Risk to Reputation – Understanding Behavioural Conduct Risk
Tim LaTulippe, Director
Reputation is that thing that makes a company seem ‘cool’, ‘green’, ‘edgy’, or if you were me in high school, ‘average’. This perception is largely driven by clever marketing, a strong PR team, and some good lawyers. A single Twitter post can very quickly impact a public company’s stock price on the FTSE or NYSE. This type of behaviour can be cringe-worthy, but from a compliance and risk perspective, is relatively difficult to mitigate. In countries where such services are not blacklisted, anyone with an account and mobile handset can broadcast their thought stream onto a public Internet with a very vulnerable audience.
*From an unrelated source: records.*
(* Let $S\subseteq\mathbb{Z}$ and let $\mathbf{a}=(a_i)_{i=0}^n$ be any $n+1$ integers in $S$. Then for any $\mathcal{T}\subseteq\mathbb{N}$, the product $$\prod_{b\in\mathcal{T}}b^{\gamma(S,b,\mathbf{a})},\qquad \gamma(S,b,\mathbf{a}):=\sum_{0\le i<j\le n}\operatorname{ord}_b(a_i-a_j),$$ is a multiple of $0!_{S,\mathcal{T}}\,1!_{S,\mathcal{T}}\cdots n!_{S,\mathcal{T}}$.
   Context: $\mathbb{N}=\{0,1,2,\dots\}$. For an integer $b\ge0$ and $a\in\mathbb{Z}$ define $\operatorname{ord}_b(a):=\sup\{k\in\mathbb{N}: a\mathbb{Z}\subseteq b^k\mathbb{Z}\}$ (convention $0^0=1$); thus for $b\ge2$ it is the largest $k$ with $b^k\mid a$ ($+\infty$ for $a=0$), $\operatorname{ord}_0(a)=+\infty$ if $a=0$ and $0$ otherwise, and $\operatorname{ord}_1(a)=+\infty$. For nonempty $S\subseteq\mathbb{Z}$, a $b$-ordering of $S$ is a sequence $(a_i)_{i\ge0}$ in $S$ such that for each $i\ge1$, $a_i$ attains $\min_{a'\in S}\sum_{j=0}^{i-1}\operatorname{ord}_b(a'-a_j)$; the $b$-exponent sequence is $\alpha_k(S,b):=\sum_{j=0}^{k-1}\operatorname{ord}_b(a_k-a_j)$ for any $b$-ordering (independent of the choice). For $\mathcal{T}\subseteq\mathbb{N}$ the generalized factorial is $k!_{S,\mathcal{T}}:=\prod_{b\in\mathcal{T}}b^{\alpha_k(S,b)}$, with conventions $b^{+\infty}=0$ for $b=0$ and $b\ge2$, $1^{+\infty}=1$, and $b^0=1$ for all $b\in\mathbb{N}$ (these conventions also apply to $b^{\gamma}$). *)

From Stdlib Require Import ClassicalEpsilon.
From mathcomp Require Import all_boot all_order all_algebra.
Set Implicit Arguments. Unset Strict Implicit. Unset Printing Implicit Defensive.
Import Order.TTheory GRing.Theory Num.Theory.

(* Extended naturals N ∪ {+oo}: [Some k] = k, [None] = +oo. *)
Definition enat := option nat.

Definition addE (x y : enat) : enat :=
  match x, y with Some m, Some n => Some (m + n) | _, _ => None end.

Definition leE (x y : enat) : bool :=
  match x, y with
  | _, None => true
  | None, Some _ => false
  | Some m, Some n => m <= n
  end.

Definition sumE (s : seq enat) : enat := foldr addE (Some 0) s.

(* b^e with conventions b^(+oo) = 0 for b = 0 and b >= 2, 1^(+oo) = 1,
   and b^0 = 1 (in particular 0^0 = 1, as for ssrnat's expn). *)
Definition powE (b : nat) (e : enat) : nat :=
  match e with Some k => b ^ k | None => if b == 1 then 1 else 0 end.

(* ord_b(a) = sup { k in N : aZ ⊆ b^k Z } = sup { k : b^k | a }.
   Since b^0 = 1 divides a and {k : b^k | a} is downward closed, this sup is
   the least k such that b^(k+1) does not divide a, or +oo if there is none. *)
Definition ord (b : nat) (a : int) : enat :=
  match excluded_middle_informative
          (exists k, ~~ ((b ^ k.+1)%:Z %| a)%Z) with
  | left H => Some (ex_minn H)
  | right _ => None
  end.

Definition sumord (b : nat) (a : nat -> int) (i : nat) (x : int) : enat :=
  sumE [seq ord b (x - a j)%R | j <- iota 0 i].

Definition is_b_ordering (S : int -> Prop) (b : nat) (a : nat -> int) : Prop :=
  (forall i, S (a i)) /\
  (forall i, 1 <= i -> forall a', S a' -> leE (sumord b a i (a i)) (sumord b a i a')).

(* A (classically chosen) b-ordering of S (junk if S is empty). *)
Definition some_b_ordering (S : int -> Prop) (b : nat) : nat -> int :=
  epsilon (inhabits (fun _ : nat => 0%R)) (is_b_ordering S b).

Definition alpha (S : int -> Prop) (b k : nat) : enat :=
  let a := some_b_ordering S b in sumord b a k (a k).

Definition gamma (b n : nat) (a : nat -> int) : enat :=
  sumE [seq ord b (a ij.1 - a ij.2)%R
       | ij <- [seq (i, j) | i <- iota 0 n.+1, j <- iota 0 n.+1] & ij.1 < ij.2].

(* [HasProd T f v]: the (possibly infinite) product prod_{b in T} f b of
   natural numbers is well defined and equals v: either some factor is 0
   (and then v = 0), or all factors are nonzero, only finitely many differ
   from 1, and v is the product of those. *)
Definition HasProd (T : nat -> Prop) (f : nat -> nat) (v : nat) : Prop :=
  (exists b, T b /\ f b = 0 /\ v = 0) \/
  ((forall b, T b -> f b <> 0) /\
   exists s : seq nat, uniq s /\ (forall b, b \in s <-> (T b /\ f b <> 1)) /\
                       v = \prod_(b <- s) f b).

(* k!_{S,T} = prod_{b in T} b^{alpha_k(S,b)} equals w. *)
Definition IsGenFact (S : int -> Prop) (T : nat -> Prop) (k w : nat) : Prop :=
  HasProd T (fun b => powE b (alpha S b k)) w.

From Stdlib Require Import ClassicalEpsilon Wf_nat.
From HB Require Import structures.
From mathcomp Require Import all_boot all_order all_algebra zify.
Set Implicit Arguments. Unset Strict Implicit. Unset Printing Implicit Defensive.
Import GRing.Theory.

(* Fix b <> 1 (for b = 1 every factor is 1). The exponent of b in the product of the
   generalized factorials is sum_{k <= n} alpha_k(S, b), and the claim is that it is at most
   gamma(S, b, a). By induction on n it suffices to find, among the n + 2 points X, a pivot x
   such that for every m fewer of the first n + 1 terms C of a b-ordering than points of X
   are congruent to x mod b^m. Summing these counts over m gives
   sum_{c in C} ord_b(x - c) <= sum_{y in X - x} ord_b(x - y), and alpha_{n+1} is at most
   the left-hand side by minimality of the b-ordering. The pivot is found by descending
   through the residue classes mod b, b^2, ..., always keeping a class that contains more
   points of X than of C, until the class contains a single point of X.
   The products over T are well defined: once b exceeds all the differences involved,
   gamma(S, b, a) is 0 or infinite, and alpha_k(S, b) = 0 as soon as alpha_k(S, b0) is
   finite for some b0 <> 1, since the first k + 1 terms of a b0-ordering are then distinct. *)

Lemma leE_trans y x z : leE x y -> leE y z -> leE x z.
Proof. by case: x; case: y; case: z => //= ? ? ?; apply: leq_trans. Qed.

Lemma leE_add x1 x2 y1 y2 : leE x1 y1 -> leE x2 y2 -> leE (addE x1 x2) (addE y1 y2).
Proof. by case: x1; case: x2; case: y1; case: y2 => //= ? ? ? ?; apply: leq_add. Qed.

Lemma leE_addr x y : leE x (addE x y).
Proof. by case: x; case: y => //= ? ?; apply: leq_addr. Qed.

Lemma leE_Some0 x : leE (Some 0) x.
Proof. by case: x. Qed.

Lemma enat_ext x y : (forall m, leE (Some m) x = leE (Some m) y) -> x = y.
Proof.
case: x => [m|]; case: y => [n|] eq_xy //=; last 2 first.
- by move: (eq_xy m.+1); rewrite /= ltnn.
- by move: (eq_xy n.+1); rewrite /= ltnn.
congr Some; apply/eqP; rewrite eqn_leq.
by move: (eq_xy m) (eq_xy n) => /= <- ->; rewrite !leqnn.
Qed.

Lemma addEA : associative addE.
Proof. by case=> [?|] [?|] [?|] //=; rewrite addnA. Qed.

Lemma addEC : commutative addE.
Proof. by case=> [?|] [?|] //=; rewrite addnC. Qed.

Lemma add0E : left_id (Some 0) addE.
Proof. by case. Qed.

HB.instance Definition _ := Monoid.isComLaw.Build enat (Some 0) addE addEA addEC add0E.

Lemma sumE_big s : sumE s = \big[addE/Some 0]_(e <- s) e.
Proof. by elim: s => [|e s IHs]; rewrite ?big_nil ?big_cons //= IHs. Qed.

Lemma sumE_cat s1 s2 : sumE (s1 ++ s2) = addE (sumE s1) (sumE s2).
Proof. by rewrite !sumE_big big_cat. Qed.

Lemma sumE_None s : None \in s -> sumE s = None.
Proof. by elim: s => //= e s IHs; rewrite inE => /predU1P[<-|/IHs->] //; case: e. Qed.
What about behavioural conduct risk that’s within the confines of a business and perhaps more systematically rooted?
Global insurers are grappling with but developing, methods to realise and assess exposure-based risk within large data landscapes. Surfacing electronic evidence of risky behaviours such as bribery, collusion, price-fixing, sexual harassment, hate speech, gender discrimination or violations of sanctions is all very useful to know earlier rather than later –say, in The Guardian. A recent article noted that major insurer AON conducted a survey and respondents “…ranked reputation as their top risk (up from fourth in 2013) and cyber-risk as their fifth (from 18th)” (The Economist, 2018). I would be most curious to see continued survey data on this subject, as I predict compliance and risk officers worry about exposure whilst awake at night in equal measure to cyber-risk. Major broker, Willis Towers Watson goes on to comment that, “‘Even when policies are labelled ‘innovative’ it’s usually to insure physical assets in the sharing economy rather than intangibles…'”.
A popular concept that has been on the rise in insurance market discussions is one of innovative cost-trade-off risk audits. In this scenario, insurers work in a quid pro quo arrangement with premium paying customers to raise transparency and lower costs. The insurer could leverage lightweight, intelligent language analytics as exercised in a portable tool to make quick and reasonable assessments. Who has been e-mailing or communicating with whom, and what conceptually have they been discussing? This type of technology can surpass the limitations of looking merely at keywords and known values and help risk practitioners achieve a greater thematic understanding of human-authored content. Are individuals discussing nefarious conduct in plain sight, or are they doing it with obfuscated language –tools like these can help root out these hidden issues much more efficiently. If nothing untoward is revealed within the target audit data set, the insurer could potentially offer its customer a reduction in premiums for having taken proactive steps to increase transparency into the company’s conduct.
Proactive spend questions are already swirling in your minds, I can tell. Technologies like these aren’t nearly as cost heavy as full-scale data investigations and triage solutions – the type used for larger investigations, disclosure/discovery exercises and arbitration matters in which documents searched and located need to be produced in a certain format (I’m grossly oversimplifying a significant process for which my colleagues will endlessly berate me). Portable tools are engineered to look at rapidly extracted text (read: the stuff people typed or authored) derived from e-mails, memos, contracts, mobile phone chats, and others. This type of audit is a light-touch approach to understanding the themes present in data and if certain individuals and competing or sanctioned entities are in direct communication. Additionally, if problem documents or messages are found, they can be further leveraged within the same audit, or in the future as conceptually-rich and relevant examples, effectively capturing the ‘problem speak’ or vernacular of a particular business unit or region.